I launched into a defense of my vineyard: its age and importance as to how viticulture was once conducted in Tuscany, the quality of the wines that could be obtained from grapes from 75-year old vines, the growing interest around the world in preserving old vines, the prices, even, that old-vine wines could obtain. I offered to send digital photos with GPS coordinates and to have a notarized report prepared—but it was no use. Sig. Bondi would load my photos into the ARTEA database and request the update to the land use, but for the 2021 vintage, I would not be able to make a production declaration.
The amount of wine produced in Italy–in Tuscany and in each of its appellations–is controlled by limiting how many vines can be planted, how many kilos of grapes can be produced on each vine, and how many liters of wine can be made from a kilo of grapes. The assumption is that if volume isn’t controlled, every Tom, Dick and Harry will run outside and plant a vineyard (that has kinda happened anyway), overcrop it (plenty of that going on) and water down the wines (not the worst way wines are doctored in the cellar) to maximize production volumes. Quality will be adversely affected, customers will get ripped off, and Tuscan wine will get a bad reputation. It might be easier to let the market limit volumes—I have faith that wines from badly overcropped vines to which water has been added in a high proportion won’t keep a winery in business very long, but no wine regions agree with me, so I have to live with the rules.

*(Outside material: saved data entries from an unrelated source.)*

(* Let $G$ be a finite group of order $v=mn$ and $H\le G$ a subgroup of order $n$. Suppose $S'$ is a family of subsets of $G$ which partitions $G\setminus H$ and is both a $(v,s,k,\lambda_1,\mu_1)$-DPDF and a $(v,s,k,\lambda_2,\mu_2)$-EPDF in $G$. Then (i) $n\mid\mu_1$ and $n\mid\mu_2$; (ii) if $\gcd(mn-n,mn-1)=1$, then either (a) $S'$ is an $(mn,s,k,k-1,0)$-DPDF and an $(mn,s,k,mn-2n-k+1,mn-n)$-EPDF, or (b) $S'$ is an $(mn,s,k,k-n,mn-n)$-DPDF and an $(mn,s,k,mn-n-k,0)$-EPDF; (iii) if $n=2$, then either (a) $S'$ is a $(2m,s,k,k-1,0)$-DPDF and a $(2m,s,k,2m-3-k,2m-2)$-EPDF, or (b) $S'$ is a $(2m,s,k,k-2,2m-2)$-DPDF and a $(2m,s,k,2m-2-k,0)$-EPDF.
   Context: Groups are written multiplicatively with identity $e$; $G^*=G\setminus\{e\}$. For $D\subseteq G$, $\Delta(D)$ is the multiset $\{xy^{-1}: x,y\in D, x\ne y\}$; for $D_1,D_2\subseteq G$, $\Delta(D_1,D_2)$ is the multiset $\{xy^{-1}:x\in D_1,y\in D_2\}$. For a family $A=\{A_1,\dots,A_s\}$ of pairwise disjoint subsets, ${\rm Int}(A)=\bigcup_i\Delta(A_i)$ and ${\rm Ext}(A)=\bigcup_{i\ne j}\Delta(A_i,A_j)$ (multiset unions). For $|G|=v$, a $(v,s,k,\lambda,\mu)$-DPDF is a family of $s$ pairwise disjoint $k$-subsets of $G^*$ with union $S$ such that ${\rm Int}(A)$ contains each element of $S$ exactly $\lambda$ times and each element of $G\setminus(S\cup\{e\})$ exactly $\mu$ times; a $(v,s,k,\lambda,\mu)$-EPDF is defined the same way using ${\rm Ext}(A)$. A family partitions a set $X$ if its members are pairwise disjoint with union $X$. *)

From mathcomp Require Import all_boot all_order all_algebra all_fingroup.
Set Implicit Arguments. Unset Strict Implicit. Unset Printing Implicit Defensive.
Import GRing.Theory Num.Theory.
Open Scope int_scope.

Section PDF.
Variable gT : finGroupType.

Definition union_fam (s : nat) (A : 'I_s -> {set gT}) : {set gT} :=
  \bigcup_(i < s) A i.

Definition pairwise_disj (s : nat) (A : 'I_s -> {set gT}) : Prop :=
  forall i j : 'I_s, i != j -> [disjoint A i & A j].

(* multiplicity of x in Int(A) = union of Delta(A_i) *)
Definition int_mult (s : nat) (A : 'I_s -> {set gT}) (x : gT) : nat :=
  \sum_(i < s) #|[set p : gT * gT | [&& p.1 \in A i, p.2 \in A i,
                                      p.1 != p.2 & (p.1 * p.2^-1)%g == x]]|.

(* multiplicity of x in Ext(A) = union over i != j of Delta(A_i, A_j) *)
Definition ext_mult (s : nat) (A : 'I_s -> {set gT}) (x : gT) : nat :=
  \sum_(i < s) \sum_(j < s | j != i)
     #|[set p : gT * gT | [&& p.1 \in A i, p.2 \in A j
                             & (p.1 * p.2^-1)%g == x]]|.

Definition pdf_base (v s k : nat) (A : 'I_s -> {set gT}) : Prop :=
  [/\ #|gT| = v, forall i, #|A i| = k, forall i, (1%g \notin A i)
    & pairwise_disj A].

Definition is_DPDF (v s k : nat) (lam mu : int) (A : 'I_s -> {set gT}) : Prop :=
  pdf_base v k A /\
  (forall x : gT, x \in union_fam A -> Posz (int_mult A x) = lam) /\
  (forall x : gT, x \notin union_fam A -> x != 1%g -> Posz (int_mult A x) = mu).

Definition is_EPDF (v s k : nat) (lam mu : int) (A : 'I_s -> {set gT}) : Prop :=
  pdf_base v k A /\
  (forall x : gT, x \in union_fam A -> Posz (ext_mult A x) = lam) /\
  (forall x : gT, x \notin union_fam A -> x != 1%g -> Posz (ext_mult A x) = mu).

Definition partitions (s : nat) (A : 'I_s -> {set gT}) (X : {set gT}) : Prop :=
  pairwise_disj A /\ union_fam A = X.

End PDF.

From mathcomp Require Import all_boot all_order all_algebra all_fingroup zify.
Import GRing.Theory Num.Theory.
Set Implicit Arguments. Unset Strict Implicit. Unset Printing Implicit Defensive.

(* For x <> 1 the intra- and inter-block multiplicities of x add up to the
   number of pairs (a, b) in S = G \ H with a b^-1 = x, which is |S| for x in H
   and |S| - |H| otherwise; hence the EPDF parameters are determined by the
   DPDF ones.  Counting all intra-block differences gives
   (n - 1) mu = |S| (k - 1 - lambda).  As n divides |S| = mn - n and is coprime
   to n - 1, n divides mu.  If |S| is coprime to mn - 1 = |S| + (n - 1), then
   |S| divides mu, and 0 <= mu <= |S| leaves mu = 0 or mu = |S|; for n = 2 this
   coprimality is automatic. *)

Lemma sum_card_fibres (T I : finType) (P : pred T) (f : T -> I) :
  \sum_y #|[set p | P p && (f p == y)]| = #|[set p | P p]|.
Proof.
rewrite -sum1dep_card (partition_big f xpredT) //=.
by apply: eq_bigr => y _; rewrite sum1dep_card.
Qed.

Lemma card_offdiag (T : finType) (A : {set T}) :
  #|[set p : T * T | [&& p.1 \in A, p.2 \in A & p.1 != p.2]]| = #|A| * #|A|.-1.
Proof.
rewrite -sum1dep_card -sum_nat_const.
transitivity (\sum_(a in A) \sum_(b | (b \in A) && (a != b)) 1); first by rewrite pair_big_dep.
apply: eq_bigr => a Aa; rewrite sum1dep_card (cardsD1 a A) Aa /=.
by apply: eq_card => b; rewrite !inE andbC eq_sym.
Qed.

Lemma dvdn_leq_cases d b : (d %| b)%N -> (b <= d)%N -> b = 0%N \/ b = d.
Proof.
case: b => [|b] d_b b_d; first by left.
by right; apply/eqP; rewrite eqn_leq b_d dvdn_leq.
Qed.

Section DeltaMultiplicity.
Variable gT : finGroupType.
Implicit Types (S T : {set gT}) (x : gT).

Definition delta_mult S T x : nat :=
  #|[set p : gT * gT | [&& p.1 \in S, p.2 \in T & (p.1 * p.2^-1)%g == x]]|.

Lemma delta_multE S T x :
  delta_mult S T x = \sum_(a in S) \sum_(b in T) ((a * b^-1)%g == x).
Proof.
rewrite /delta_mult -sum1dep_card.
transitivity (\sum_(a in S) \sum_(b | (b \in T) && ((a * b^-1)%g == x)) 1);
  first by rewrite pair_big_dep.
apply: eq_bigr => a _; rewrite big_mkcondr /=.
by apply: eq_bigr => b _; case: eqP.
Qed.

Lemma delta_mult_card S T x : delta_mult S T x = #|[set b in T | (x * b)%g \in S]|.
Proof.
rewrite delta_multE exchange_big -sum1dep_card big_mkcondr /=.
apply: eq_bigr => b _; rewrite big_mkcond (bigD1 (x * b)%g) //= mulgK eqxx.
rewrite big1 ?addn0 => [|a /negbTE nab]; first by case: (_ \in S).
by rewrite (canF_eq (mulgKV b)) nab if_same.
Qed.

Variables (s : nat) (A : 'I_s -> {set gT}).

Lemma card_union_fam : pairwise_disj A -> #|union_fam A| = \sum_i #|A i|.
Proof.
move=> disjA; rewrite -sum1_card partition_disjoint_bigcup //.
by apply: eq_bigr => i _; rewrite sum1_card.
Qed.

Lemma delta_mult_union_fam x : pairwise_disj A ->
  delta_mult (union_fam A) (union_fam A) x = \sum_i \sum_j delta_mult (A i) (A j) x.
Proof.
move=> disjA; rewrite delta_multE partition_disjoint_bigcup //.
apply: eq_bigr => i _.
under eq_bigr do rewrite partition_disjoint_bigcup //.
by rewrite exchange_big; apply: eq_bigr => j _; rewrite delta_multE.
Qed.

Lemma int_mult_delta x : x != 1%g -> int_mult A x = \sum_i delta_mult (A i) (A i) x.
Proof.
move=> x1; apply: eq_bigr => i _; apply: eq_card => p; rewrite !inE.
case: ((p.1 * p.2^-1)%g =P x) => [px|_]; last by rewrite !andbF.
by rewrite eq_mulgV1 px x1 !andbT.
Qed.

Lemma int_mult1 : int_mult A 1%g = 0%N.
Proof.
apply: big1 => i _; apply: eq_card0 => p; rewrite !inE -eq_mulgV1.
by case: (p.1 =P p.2); rewrite ?andbF.
Qed.

Lemma int_mult_add_ext_mult x : pairwise_disj A -> x != 1%g ->
  int_mult A x + ext_mult A x = delta_mult (union_fam A) (union_fam A) x.
Proof.
move=> disjA x1; rewrite delta_mult_union_fam // int_mult_delta // -big_split.
by apply: eq_bigr => i _; rewrite [in RHS](bigD1 i).
Qed.

Lemma sum_int_mult : \sum_x int_mult A x = \sum_i #|A i| * #|A i|.-1.
Proof.
rewrite exchange_big; apply: eq_bigr => i _; rewrite -card_offdiag.
rewrite -(sum_card_fibres _ (fun p : gT * gT => (p.1 * p.2^-1)%g)).
by apply: eq_bigr => x _; apply: eq_card => p; rewrite !inE !andbA.
Qed.

End DeltaMultiplicity.

Section SubgroupComplement.
Variables (gT : finGroupType) (H : {group gT}).

Lemma delta_mult_compl_in x : x \in H -> delta_mult (~: H) (~: H) x = #|~: H|.
Proof.
move=> Hx; rewrite delta_mult_card; apply: eq_card => b.
by rewrite !inE groupMl // andbb.
Qed.

Lemma delta_mult_compl_out x : x \notin H -> delta_mult (~: H) (~: H) x + #|H| = #|~: H|.
Proof.
move=> Hx; have sub_coset : (x^-1 *: H)%g \subset ~: H.
  apply/subsetP => _ /lcosetP[h Hh ->]; rewrite inE.
  by apply: contra Hx; rewrite groupMr // groupV.
rewrite delta_mult_card -(card_lcoset H x^-1%g).
have -> : [set b in ~: H | (x * b)%g \in ~: H] = ~: H :\: (x^-1 *: H)%g.
  by apply/setP => b; rewrite !inE mem_lcoset invgK andbC.
by rewrite cardsDS // subnK ?subset_leq_card.
Qed.

Lemma cardD1_group : #|H| = #|(H^#)%g|.+1.
Proof. by rewrite (cardsD1 1%g) group1. Qed.

Lemma dvdn_card_compl : (#|H| %| #|~: H|)%N.
Proof.
by rewrite -(dvdn_addr _ (dvdnn #|H|)) cardsC -cardsT cardSg ?subsetT.
Qed.

End SubgroupComplement.

Section PartitionOfSubgroupComplement.
Variables (gT : finGroupType) (H : {group gT}) (s v k : nat) (A : 'I_s -> {set gT}).
Hypothesis partA : partitions A (~: H).
Local Open Scope ring_scope.

Lemma int_mult_add_ext_mult_in x : x \in H -> x != 1%g ->
  (int_mult A x + ext_mult A x = #|~: H|)%N.
Proof.
case: partA => disjA UA Hx x1.
by rewrite int_mult_add_ext_mult // UA delta_mult_compl_in.
Qed.

Lemma int_mult_add_ext_mult_out x : x \notin H ->
  (int_mult A x + ext_mult A x + #|H| = #|~: H|)%N.
Proof.
case: partA => disjA UA Hx; have x1 : x != 1%g by apply: contraNneq Hx => ->.
by rewrite int_mult_add_ext_mult // UA delta_mult_compl_out.
Qed.

Lemma DPDF_params lam mu lam' mu' :
  (forall x, x \notin H -> lam = lam') -> (forall y, y \in (H^#)%g -> mu = mu') ->
  is_DPDF v k lam mu A -> is_DPDF v k lam' mu' A.
Proof.
case: partA => _ UA lamE muE [base [Dlam Dmu]]; split=> //; rewrite UA; split=> x.
  by rewrite inE => Hx; rewrite -(lamE x Hx) Dlam // UA inE.
by rewrite inE negbK => Hx x1; rewrite -(muE x) ?inE ?x1 // Dmu // UA inE negbK.
Qed.

Lemma EPDF_of_DPDF lam1 mu1 lam2 mu2 :
  lam1 + lam2 = #|~: H|%:Z - #|H|%:Z -> mu1 + mu2 = #|~: H|%:Z ->
  is_DPDF v k lam1 mu1 A -> is_EPDF v k lam2 mu2 A.
Proof.
case: partA => _ UA lam_sum mu_sum [base [Dlam Dmu]]; split=> //; rewrite UA; split=> x.
  rewrite inE => Hx; have := int_mult_add_ext_mult_out Hx.
  have := Dlam x; rewrite UA inE => /(_ Hx); lia.
rewrite inE negbK => Hx x1; have := int_mult_add_ext_mult_in Hx x1.
have := Dmu x; rewrite UA inE negbK => /(_ Hx x1); lia.
Qed.

Lemma DPDF_EPDF_mu_add lam1 mu1 lam2 mu2 y : y \in (H^#)%g ->
  is_DPDF v k lam1 mu1 A -> is_EPDF v k lam2 mu2 A -> mu1 + mu2 = #|~: H|%:Z.
Proof.
case: partA => _ UA; rewrite !inE => /andP[y1 Hy] [_ [_ Dmu]] [_ [_ Emu]].
have := int_mult_add_ext_mult_in Hy y1.
by rewrite -(Dmu y) -?(Emu y) ?UA ?inE ?negbK //; lia.
Qed.

Lemma DPDF_param_eq lam mu : is_DPDF v k lam mu A ->
  #|(H^#)%g|%:Z * mu = #|~: H|%:Z * (k%:Z - 1 - lam).
Proof.
case: partA => disjA UA [[_ cardA _ _] [Dlam Dmu]].
have cardC : #|~: H| = (s * k)%N.
  by rewrite -UA card_union_fam // (eq_bigr (fun=> k)) // sum_nat_const card_ord.
have sum_nat : (\sum_x int_mult A x = s * (k * k.-1))%N.
  rewrite sum_int_mult (eq_bigr (fun=> (k * k.-1)%N)) => [|i _]; last by rewrite cardA.
  by rewrite sum_nat_const card_ord.
have sum_int : \sum_x (int_mult A x)%:Z = #|~: H|%:Z * lam + #|(H^#)%g|%:Z * mu.
  rewrite (bigID (mem H)) /= addrC [X in _ + X](bigD1 1%g) ?group1 //= int_mult1 add0r.
  congr (_ + _).
    rewrite (eq_big (mem (~: H)) (fun=> lam)) => [|x|x]; rewrite ?inE //.
      by rewrite sumr_const -mulr_natl natz.
    by move=> Hx; rewrite Dlam // UA inE.
  rewrite (eq_big (mem (H^#)%g) (fun=> mu)) => [|x|x]; rewrite ?inE 1?andbC //.
    by rewrite sumr_const -mulr_natl natz.
  by case/andP => x1 Hx; rewrite Dmu // UA inE negbK.
have sum_eq : \sum_x (int_mult A x)%:Z = #|~: H|%:Z * (k%:Z - 1).
  under eq_bigr do rewrite -natz.
  rewrite -natr_sum natz sum_nat cardC.
  case: (k) => [|k'] /=; first by rewrite !muln0 mul0r.
  by rewrite -addn1 !PoszM PoszD addrK mulrA.
by rewrite mulrBr -sum_eq sum_int addrC addKr.
Qed.

Lemma DPDF_mu_dvd lam mu : is_DPDF v k lam mu A -> (#|H|%:Z %| mu)%Z.
Proof.
move=> /DPDF_param_eq eq_mu.
have cop : coprimez #|H|%:Z #|(H^#)%g|%:Z by rewrite coprimezE /= cardD1_group coprimeSn.
rewrite -(Gauss_dvdzr _ cop) eq_mu dvdz_mulr // dvdzE /=.
exact: dvdn_card_compl.
Qed.

Lemma EPDF_mu_dvd lam1 mu1 lam2 mu2 :
  is_DPDF v k lam1 mu1 A -> is_EPDF v k lam2 mu2 A -> (#|H|%:Z %| mu2)%Z.
Proof.
move=> D E; case: (set_0Vmem (H^#)%g) => [H1 | [y Hy]].
  by rewrite cardD1_group H1 cards0 dvd1z.
have -> : mu2 = #|~: H|%:Z - mu1 by rewrite -(DPDF_EPDF_mu_add Hy D E) addrC addKr.
rewrite rpredB ?(DPDF_mu_dvd D) // dvdzE /=.
exact: dvdn_card_compl.
Qed.

Lemma DPDF_mu_cases lam mu y : coprime #|~: H| #|gT|.-1 -> y \in (H^#)%g ->
  is_DPDF v k lam mu A -> mu = 0 \/ mu = #|~: H|%:Z.
Proof.
move=> cop Hy D; have eq_mu := DPDF_param_eq D.
case: partA D => _ UA [_ [_ Dmu]].
move: Hy; rewrite !inE => /andP[y1 Hy].
have mu_y : mu = int_mult A y by rewrite Dmu // UA inE negbK.
have copz : coprimez #|~: H|%:Z #|(H^#)%g|%:Z.
  by move: cop; rewrite coprimezE /= -(cardsC H) cardD1_group addSn /= addnC /coprime gcdnDl.
have N_dvd : (#|~: H|%:Z %| mu)%Z by rewrite -(Gauss_dvdzr _ copz) eq_mu dvdz_mulr.
rewrite mu_y in N_dvd *.
have le_N : (int_mult A y <= #|~: H|)%N by rewrite -(int_mult_add_ext_mult_in Hy y1) leq_addr.
by have [->|->] := dvdn_leq_cases (N_dvd : (#|~: H| %| int_mult A y)%N) le_N; [left | right].
Qed.

Lemma DPDF_dichotomy lam mu : coprime #|~: H| #|gT|.-1 -> is_DPDF v k lam mu A ->
  is_DPDF v k (k%:Z - 1) 0 A \/ is_DPDF v k (k%:Z - #|H|%:Z) #|~: H|%:Z A.
Proof.
move=> cop D; have eq_mu := DPDF_param_eq D.
have lamE c x : x \notin H -> #|(H^#)%g|%:Z * mu = #|~: H|%:Z * c -> lam = k%:Z - 1 - c.
  move=> Hx; have N0 : #|~: H|%:Z != 0.
    by rewrite eqz_nat -lt0n card_gt0; apply/set0Pn; exists x; rewrite inE.
  by rewrite eq_mu => /(mulfI N0) <-; rewrite opprB addrC subrK.
case: (set_0Vmem (H^#)%g) => [H1 | [y Hy]].
  left; apply: DPDF_params D => [x Hx | y]; last by rewrite H1 inE.
  by rewrite (lamE 0 x Hx) ?subr0 // H1 cards0 mulr0 mul0r.
have [mu0 | muN] := DPDF_mu_cases cop Hy D; [left | right];
  apply: DPDF_params D => [x Hx | y' _] //.
  by rewrite (lamE 0 x Hx) ?subr0 // mu0 !mulr0.
rewrite (lamE #|(H^#)%g|%:Z x Hx); last by rewrite muN mulrC.
by rewrite cardD1_group -addn1 PoszD opprD addrA addrAC.
Qed.

End PartitionOfSubgroupComplement.

Local Open Scope ring_scope.

Theorem mainTheorem11 (gT : finGroupType) (H : {group gT}) (m n s k : nat)
  (lam1 mu1 lam2 mu2 : int) (A : 'I_s -> {set gT}) :
  #|gT| = (m * n)%N -> #|H| = n ->
  partitions A (~: (H : {set gT})) ->
  is_DPDF (m * n) k lam1 mu1 A ->
  is_EPDF (m * n) k lam2 mu2 A ->
  [/\ (n%:Z %| mu1)%Z /\ (n%:Z %| mu2)%Z,
      gcdn (m * n - n) (m * n - 1) = 1%N ->
        (is_DPDF (m * n) k (k%:Z - 1) 0 A /\
         is_EPDF (m * n) k ((m * n)%:Z - 2 * n%:Z - k%:Z + 1)
                           ((m * n)%:Z - n%:Z) A) \/
        (is_DPDF (m * n) k (k%:Z - n%:Z) ((m * n)%:Z - n%:Z) A /\
         is_EPDF (m * n) k ((m * n)%:Z - n%:Z - k%:Z) 0 A)
    & n = 2%N ->
        (is_DPDF (2 * m) k (k%:Z - 1) 0 A /\
         is_EPDF (2 * m) k (2 * m%:Z - 3 - k%:Z) (2 * m%:Z - 2) A) \/
        (is_DPDF (2 * m) k (k%:Z - 2) (2 * m%:Z - 2) A /\
         is_EPDF (2 * m) k (2 * m%:Z - 2 - k%:Z) 0 A)].
Proof.
move=> cardG cardH partA D E; subst n.
have cardHC : (#|H| + #|~: H| = m * #|H|)%N by rewrite cardsC.
split.
- by split; [exact: DPDF_mu_dvd D | exact: EPDF_mu_dvd D E].
- move=> gcd1; have cop : coprime #|~: H| #|gT|.-1.
    by rewrite /coprime -(addKn #|H| #|~: H|) cardHC cardG -subn1 gcd1.
  have [D' | D'] := DPDF_dichotomy partA cop D; [left | right];
    by split; [apply: (DPDF_params partA _ _ D') | apply: (EPDF_of_DPDF partA _ _ D')];
      move=> *; lia.
- move=> H2; rewrite H2 mulnC in D.
  have cop : coprime #|~: H| #|gT|.-1 by rewrite cardG -cardHC H2 add2n coprimenS.
  have [D' | D'] := DPDF_dichotomy partA cop D; [left | right];
    by split; [apply: (DPDF_params partA _ _ D') | apply: (EPDF_of_DPDF partA _ _ D')];
      move=> *; lia.
Qed.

In Italy, I find, time and again, that what counts is the paperwork. As businesses have been forced to comply with new laws for the containment of Covid, for example, I’ve noticed, at the entrance to office buildings, a table with hand sanitizer, an electric thermometer and a registry of visitors, their body temperatures and their phone numbers—except there are never any names on the list. I’ve noticed in cafés a sign requiring the Green Pass for indoor service—except most of the time, no one asks to see it. Even in my winery, there’s a cleaning log posted at the entrance, on which my colleague or I sign off each morning that we have fully disinfected all surfaces in the winery. My workplace safety consultant keeps reminding me to make sure the new wine cellar is compliant — “especially on paper.” It often seems the paperwork is more important than the actual compliance: in the vineyard, the grapes were healthy and the wines are beautiful–but the paperwork is wrong.
Think of it this way: my 2021 wines were born, they just don’t have a birth certificate. I will find a way to legitimise them, no doubt with the help of the farmers’ union–who may be able to issue me the right piece of paper. In the meantime, I’ve never enjoyed drinking wheat with my dinner as much as I do these days.
3 thoughts on “The Wine That Isn’t”
Italian bureaucracy never disappoints! I hope you find your way to legitimacy soon!!
Such a classic story. I can imagine you sharing a glass of your wine not produced by your vineyard with Sig. Bondi.
Love the way you have summed up the crazy bureaucracy winemakers deal with!